Они затоптали костер, разложили на телеге рядно, взяли мешки и вошли в густую, высокую, как лес, кукурузу. Початки созрели, высохли, ломать их было легко, они трещали и шелестели в руках. Между рядами, на прогалинах, то и дело попадались темные, перемешанные с пшеничными колосьями кучки земли, насыпанные мышами-полевками, норы сусликов, опустевшие гнезда-ямки откочевавших к лесу куропаток.
Отойдя от Таи и Феди, Андрей молча ломал початок за початком и думал о том, как поедет в Пустополье, встретит Елю, как будет разговаривать с ней… «Что такое любовь? – думал он с какой-то сладко щемящей болью. – Почему так бывает, что вот встретит один человек другого и сразу его полюбит? Почему не третьего, не четвертого, а именно этого? Ведь есть же вокруг люди гораздо более красивые, добрые. Так нет же, полюбится вот один человек и завладеет тобой до конца». Когда Андрей мысленно произносил слово «человек» и думал о любви, он представлял только ее, Елю; вслушивался в шелест кукурузных листьев, и ему казалось, что он слышит звонкий Елин голос, что она сейчас покажется в конце поля, подойдет к нему и скажет что-то очень ласковое и хорошее.

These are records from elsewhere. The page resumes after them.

Lemma fin_prod_nonneg x N : 0 <= fin_prod p x N.
Proof.
  rewrite fin_prod_window. apply prod_sites_nonneg. intros; apply site_weight_bounds.
Qed.

Lemma fin_prod_decreasing x : Un_decreasing (fun N => fin_prod p x N).
Proof.
  intro N. cbn [fin_prod]. pose proof (fin_prod_nonneg x N).
  assert (Hf : forall i, 0 <= site_factor p x i <= 1) by (intro i; apply site_weight_bounds).
  pose proof (Hf (Z.of_nat (S N))) as [Ha Ha']. pose proof (Hf (- Z.of_nat (S N))%Z) as [Hb Hb'].
  assert (fin_prod p x N * site_factor p x (Z.of_nat (S N)) <= fin_prod p x N)
    by (rewrite <- Rmult_1_r; apply Rmult_le_compat_l; lra).
  assert (0 <= fin_prod p x N * site_factor p x (Z.of_nat (S N))) by now apply Rmult_le_pos.
  assert (fin_prod p x N * site_factor p x (Z.of_nat (S N)) * site_factor p x (- Z.of_nat (S N))
          <= fin_prod p x N * site_factor p x (Z.of_nat (S N)))
    by (rewrite <- Rmult_1_r; apply Rmult_le_compat_l; lra).
  lra.
Qed.

Lemma fin_prod_O_ge N : / 2 * exp (- (2 * geom_sum (/ q) N)) <= fin_prod p config_O N.
Proof.
  pose proof q_gt_1 as Hq.
  assert (Hsite : forall m, (1 <= m)%nat ->
    site_factor p config_O (Z.of_nat m) = / (1 + (/ q) ^ m) /\
    site_factor p config_O (- Z.of_nat m) = / (1 + (/ q) ^ m)).
  { intros m Hm. unfold site_factor, config_O, rho. fold q.
    destruct (Z.ltb_spec (Z.of_nat m) 0), (Z.ltb_spec (- Z.of_nat m) 0); try lia.
    rewrite powerRZ_neg', <- pow_powerRZ, pow_inv. split; [|reflexivity].
    pose proof (pow_lt q m ltac:(lra)). field. lra. }
  induction N as [|N IH].
  - simpl. unfold site_factor, config_O, rho. simpl.
    rewrite Rmult_0_r, Ropp_0, exp_0. lra.
  - cbn [fin_prod geom_sum]. destruct (Hsite (S N) ltac:(lia)) as [-> ->].
    set (y := (/ q) ^ S N).
    assert (Hy : 0 <= y) by (apply pow_le; left; apply Rinv_0_lt_compat; lra).
    pose proof (exp_neg_le_inv_one_plus y Hy).
    replace (- (2 * (geom_sum (/ q) N + y))) with (- (2 * geom_sum (/ q) N) + - y + - y) by ring.
    rewrite !exp_plus, <- !Rmult_assoc.
    pose proof (exp_pos (- y)). pose proof (exp_pos (- (2 * geom_sum (/ q) N))).
    assert (/ 2 * exp (- (2 * geom_sum (/ q) N)) * exp (- y)
            <= fin_prod p config_O N * / (1 + y)) by (apply Rmult_le_compat; lra).
    apply Rmult_le_compat; [| |exact H2|]; [apply Rmult_le_pos; [apply Rmult_le_pos|]|..]; lra.
Qed.

Lemma point_mass_O_pos : exists m, point_mass p config_O m /\ 0 < m.
Proof.
  pose proof q_gt_1 as Hq.
  assert (Hiq : 0 <= / q < 1).
  { split; [left; apply Rinv_0_lt_compat; lra|]. rewrite <- Rinv_1. apply Rinv_lt_contravar; lra. }
  set (c0 := / 2 * exp (- (2 * (/ q / (1 - / q))))).
  assert (Hc0 : 0 < c0) by (pose proof (exp_pos (- (2 * (/ q / (1 - / q))))); unfold c0; lra).
  assert (Hlower : forall N, c0 <= fin_prod p config_O N).
  { intro N. eapply Rle_trans; [|apply fin_prod_O_ge].
    apply Rmult_le_compat_l; [lra|]. apply exp_le_compat.
    pose proof (geom_sum_bounds (/ q) N Hiq). lra. }
  destruct (decreasing_cv _ (fin_prod_decreasing config_O)) as [m Hm].
  { exists 0. intros y [N ->]. unfold opp_seq. pose proof (fin_prod_nonneg config_O N). lra. }
  exists m. split; [exact Hm|].
  apply Rlt_le_trans with c0; [exact Hc0|].
  apply (Rle_cv_lim (Un := fun _ => c0) (Vn := fun N => fin_prod p config_O N)); [exact Hlower| |exact Hm].
  intros e He. exists 0%nat. intros. unfold Rdist. rewrite Rminus_diag, Rabs_R0. lra.
Qed.

Lemma list_mass_le_sum_fin_prod L r : list_mass p L r ->
  forall N, r <= sum_configs (fun x => fin_prod p x N) L.
Proof.
  revert r; induction L as [|x L IH]; simpl; intros r Hr N; [lra|].
  destruct Hr as [m [r' [Hm [HL ->]]]].
  pose proof (decreasing_ineq _ _ (fin_prod_decreasing x) Hm N). pose proof (IH r' HL N). lra.
Qed.

Lemma list_mass_le_of_dominated (h : Z -> bool -> R) (k B r : R) L :
  (forall i b, 0 <= h i b) -> 0 <= k ->
  (forall N, total_mass h (window N) <= B) ->
  distinct_configs L ->
  (forall x, In x L -> exists N0, forall N, (N0 <= N)%nat ->
     agrees_with_O_outside N x /\ k * fin_prod p x N <= prod_sites h x (window N)) ->
  list_mass p L r -> k * r <= B.
Proof.
  intros Hh Hk HB HD Hdom Hr.
  destruct (Forall_eventually (fun x N => agrees_with_O_outside N x /\
              k * fin_prod p x N <= prod_sites h x (window N)) L Hdom) as [N HN].
  apply Rle_trans with (sum_configs (fun x => prod_sites h x (window N)) L).
  - apply Rle_trans with (k * sum_configs (fun x => fin_prod p x N) L).
    + apply Rmult_le_compat_l; [exact Hk|]. now apply list_mass_le_sum_fin_prod.
    + rewrite <- sum_configs_scal. apply sum_configs_le. intros x Hx. apply HN, Hx.
  - eapply Rle_trans; [|apply HB]. apply sum_prod_sites_le_total_mass; [exact Hh|].
    apply distinct_on_window; [exact HD|].
    apply Forall_forall. intros x Hx. apply HN, Hx.
Qed.

Lemma mass_exists_le (A : Config -> Prop) (B : R) :
  (forall L r, distinct_configs L -> Forall A L -> list_mass p L r -> r <= B) ->
  exists s, mass p A s /\ 0 <= s <= B.
Proof.
  intro HB.
  set (E := fun r => exists L, distinct_configs L /\ Forall A L /\ list_mass p L r).
  assert (HE0 : E 0) by (exists nil; split; [constructor|split; [constructor|reflexivity]]).
  destruct (completeness E) as [s Hs].
  - exists B. intros r [L [HD [HA Hr]]]. exact (HB L r HD HA Hr).
  - exists 0. exact HE0.
  - exists s. split; [exact Hs|]. split; [now apply Hs|].
    apply Hs. intros r [L [HD [HA Hr]]]. exact (HB L r HD HA Hr).
Qed.

Lemma mass_U0_pos : exists z, mass p U0 z /\ 0 < z.
Proof.
  destruct (mass_exists_le U0 1) as [z [Hz _]].
  - intros L r HD HU Hr. rewrite <- (Rmult_1_l r).
    apply (list_mass_le_of_dominated (site_weight p) 1 1 r L); try assumption.
    + intros i b. apply site_weight_bounds.
    + lra.
    + intro N. rewrite total_mass_site_weight. lra.
    + intros x Hx. rewrite Forall_forall in HU.
      destruct (U0_eventually_O x (HU x Hx)) as [N0 HN0]. exists N0. intros N HN.
      split; [now apply HN0|]. rewrite fin_prod_window. lra.
  - destruct point_mass_O_pos as [m [Hm Hm0]]. exists z. split; [exact Hz|].
    apply Rlt_le_trans with m; [exact Hm0|]. apply Hz.
    exists (config_O :: nil). split; [|split].
    + constructor; constructor.
    + constructor; [exact U0_config_O|constructor].
    + exists m, 0. repeat split; [exact Hm|ring].
Qed.

Lemma mass_large_energy_le (l th : R) : 0 < l -> exp l < q ->
  exists a, mass p (fun x => U0 x /\ exists d : Z, DVal x d /\ th < IZR d) a /\
    0 <= a <= exp (- (th * l)) * exp (2 * (exp l / q / (1 - exp l / q))).
Proof.
  intros Hl Hlq. set (r := exp l / q).
  assert (Hr : 0 <= r < 1).
  { pose proof q_gt_1. unfold r. split.
    - apply Rmult_le_pos; [left; apply exp_pos|left; apply Rinv_0_lt_compat; lra].
    - apply Rmult_lt_reg_r with q; [lra|]. unfold Rdiv.
      rewrite Rmult_assoc, Rinv_l by lra. lra. }
  apply mass_exists_le. intros L a HD HA Ha.
  assert (Hk : exp (th * l) * a <= exp (2 * (r / (1 - r)))).
  { apply (list_mass_le_of_dominated (tilted_weight p l) _ _ a L);
      [apply tilted_weight_nonneg|left; apply exp_pos| |exact HD| |exact Ha].
    - intro N. eapply Rle_trans; [apply total_mass_tilted_le|]. apply exp_le_compat.
      pose proof (geom_sum_bounds r N Hr). fold r. lra.
    - intros x Hx. rewrite Forall_forall in HA.
      destruct (HA x Hx) as [_ [d [Hd Hth]]].
      destruct (DVal_eventually x d Hd) as [N0 HN0]. exists N0. intros N HN.
      destruct (HN0 N HN) as [Hagree Henergy]. split; [exact Hagree|].
      rewrite prod_sites_tilted, Henergy, <- fin_prod_window, Rmult_comm.
      apply Rmult_le_compat_l; [apply fin_prod_nonneg|].
      apply exp_le_compat, Rmult_le_compat_r; lra. }
  rewrite exp_Ropp. pose proof (exp_pos (th * l)).
  apply Rmult_le_reg_l with (exp (th * l)); [lra|].
  rewrite <- Rmult_assoc, Rinv_r, Rmult_1_l by lra. exact Hk.
Qed.

End Measure.

(** * Choice of the tilt and the asymptotics in t *)

Lemma exists_tilt (q c : R) : 1 < q -> / ln q < c ->
  exists l, 0 < l /\ exp l < q /\ 1 < c * l.
Proof.
  intros Hq Hc.
  assert (Hlq : 0 < ln q) by (rewrite <- ln_1; apply ln_increasing; lra).
  assert (Hc0 : 0 < c) by (pose proof (Rinv_0_lt_compat _ Hlq); lra).
  assert (Hic : / c < ln q).
  { rewrite <- (Rinv_inv (ln q)). apply Rinv_lt_contravar; [|exact Hc].
    apply Rmult_lt_0_compat; [apply Rinv_0_lt_compat|]; lra. }
  pose proof (Rinv_0_lt_compat _ Hc0).
  exists ((/ c + ln q) / 2). split; [lra|split].
  - rewrite <- (exp_ln q) at 2 by lra. apply exp_increasing. lra.
  - replace (c * ((/ c + ln q) / 2)) with ((1 + c * ln q) / 2) by (field; lra).
    apply Rmult_lt_compat_l with (r := c) in Hic; [|exact Hc0].
    rewrite Rinv_r in Hic by lra. lra.
Qed.

Lemma t_mul_exp_neg_ln (t a : R) : 0 < t -> t * exp (- (a * ln t)) = exp (- ((a - 1) * ln t)).
Proof.
  intro Ht. rewrite <- (exp_ln t) at 1 by exact Ht. rewrite <- exp_plus. f_equal. ring.
Qed.

Lemma exp_neg_mul_ln_small (beta K eps : R) : 0 < beta -> 0 < K -> 0 < eps ->
  exists T, 0 < T /\ forall t, T <= t -> K * exp (- (beta * ln t)) < eps.
Proof.
  intros Hb HK He.
  set (s := (Rabs (ln (K / eps)) + 1) / beta).
  exists (exp s). split; [apply exp_pos|]. intros t Ht.
  assert (Hs : s <= ln t).
  { destruct (Rle_lt_dec s (ln t)) as [|Hlt]; [assumption|].
    apply exp_increasing in Hlt. rewrite exp_ln in Hlt by (pose proof (exp_pos s); lra). lra. }
  assert (Hbig : ln (K / eps) < beta * ln t).
  { apply Rmult_le_compat_l with (r := beta) in Hs; [|lra].
    replace (beta * s) with (Rabs (ln (K / eps)) + 1) in Hs by (unfold s; field; lra).
    pose proof (Rle_abs (ln (K / eps))). lra. }
  assert (Hexp : exp (- (beta * ln t)) < eps / K).
  { replace (eps / K) with (exp (- ln (K / eps))).
    - apply exp_increasing. lra.
    - rewrite exp_Ropp, exp_ln by (apply Rdiv_lt_0_compat; lra). field. lra. }
  apply Rmult_lt_compat_l with (r := K) in Hexp; [|exact HK].
  replace (K * (eps / K)) with eps in Hexp by (field; lra). exact Hexp.
Qed.

Theorem lemma4p3 (p c : R) (hp0 : 0 < p) (hp : p < 1 / 2)
  (hc : / Rabs (ln ((1 - p) / p)) < c) :
  forall eps : R, 0 < eps ->
  exists T : R, 0 < T /\
    forall t : R, T <= t ->
      exists v : R,
        cond_prob p (fun x => exists d : Z, DVal x d /\ c * ln t < IZR d) v /\
        Rabs (t * v) < eps.
Proof.
  intros eps Heps.
  set (q := (1 - p) / p) in *.
  pose proof (q_gt_1 p hp0 hp) as Hq. fold q in Hq.
  rewrite Rabs_right in hc by (left; rewrite <- ln_1; apply ln_increasing; lra).
  destruct (exists_tilt q c Hq hc) as [l [Hl0 [Hlq Hcl]]].
  destruct (mass_U0_pos p hp0 hp) as [z [Hz Hz0]].
  set (G := exp (2 * (exp l / q / (1 - exp l / q)))).
  destruct (exp_neg_mul_ln_small (c * l - 1) (G / z) eps) as [T [HT0 HT]];
    [lra | apply Rdiv_lt_0_compat; [apply exp_pos|exact Hz0] | exact Heps|].
  exists T. split; [exact HT0|]. intros t Ht.
  destruct (mass_large_energy_le p hp0 hp l (c * ln t) Hl0 Hlq) as [a [Ha [Ha0 HaG]]].
  fold q G in HaG. replace (c * ln t * l) with (c * l * ln t) in HaG by ring.
  exists (a / z). split; [exists a, z; auto|].
  assert (Htz : 0 < t / z) by (apply Rdiv_lt_0_compat; lra).
  replace (t * (a / z)) with (t / z * a) by (field; lra).
  rewrite Rabs_right by (apply Rle_ge, Rmult_le_pos; lra).
  apply Rle_lt_trans with (G / z * exp (- ((c * l - 1) * ln t))); [|now apply HT].
  rewrite <- t_mul_exp_neg_ln by lra.
  replace (G / z * (t * exp (- (c * l * ln t))))
    with (t / z * (exp (- (c * l * ln t)) * G)) by (field; lra).
  apply Rmult_le_compat_l; lra.
Qed.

Потом, с силой ломая толстый, еще не созревший початок, Андрей подумал: «Интересно, кукурузе больно, когда ее ломают, или нет? А пшенице, когда ее косят? А живому дереву, которое рубят топором или пилят острой пилой? Должно быть, больно: они ведь живые, растут и стареют так же, как люди…» И Андрею вдруг стало жалко и пшеницу, и кукурузу, и зеленую траву, которую весной он косил вместе с отцом. Он подумал о том, что люди не знают и, наверно, никогда не узнают, чувствуют ли деревья и травы боль, горе, радость, любовь. Он думал о рождении людей, животных, растений, об их жизни и смерти, обо всем, что окружало его и было полно неразгаданных тайн.
Так в ясный осенний день, когда чистое небо кажется особенно глубоким и синим, когда по теплому воздуху летают запоздалые нити серебристой паутины, а чуть влажная земля грустно и жалостно пахнет вялыми травами, Андрей оставался наедине с бесконечно великим миром, задавал себе множество вопросов, не умел ответить на них и, страшась и радуясь, чувствовал, что все же каждый час узнает что-то новое, взрослеет, мужает, становится сильнее и тверже…
Поблизости от леса убирали кукурузу многие огнищане – Аким Турчак с сыновьями, Павел Терпужный, дед Силыч. Там же, в поле, произошла встреча Андрея с Силычем. Старик подошел к ставровскому загону, сдвинул на затылок облезлую шапчонку и проговорил, улыбаясь беззубым ртом:
– А я гляжу сдалека и гадаю: Андрюха или не Андрюха? Вон какой ты, голуба, вымахал, повыше деда будешь, совсем здоровым парнем стал, хоть в солдаты тебя бери!
Он, все так же улыбаясь и пришепетывая, сказал Андрею:
– Ну, иди сюда поближе, дай на тебя полюбоваться…
Колька Турчак, как всегда, выкладывал при встрече последние деревенские новости:
– Ведьмина дочка все болеет, перевелась ни на что. Она, говорят, дитё себе вытравила, с той поры и стала сохнуть… А у Лубяных в то воскресенье будут свадьбу гулять, ихнюю Ганьку просватал Демид Плахотин. Кондрат Лубяной уже ездил в Пустополье договаривать музыку. Демид не желает в церкви венчаться: мне, говорит, как красному бойцу, не пристало с попами дело иметь, – а Ганькина мать и слушать не хочет: без венчания, говорит, не согласна отдавать дочку…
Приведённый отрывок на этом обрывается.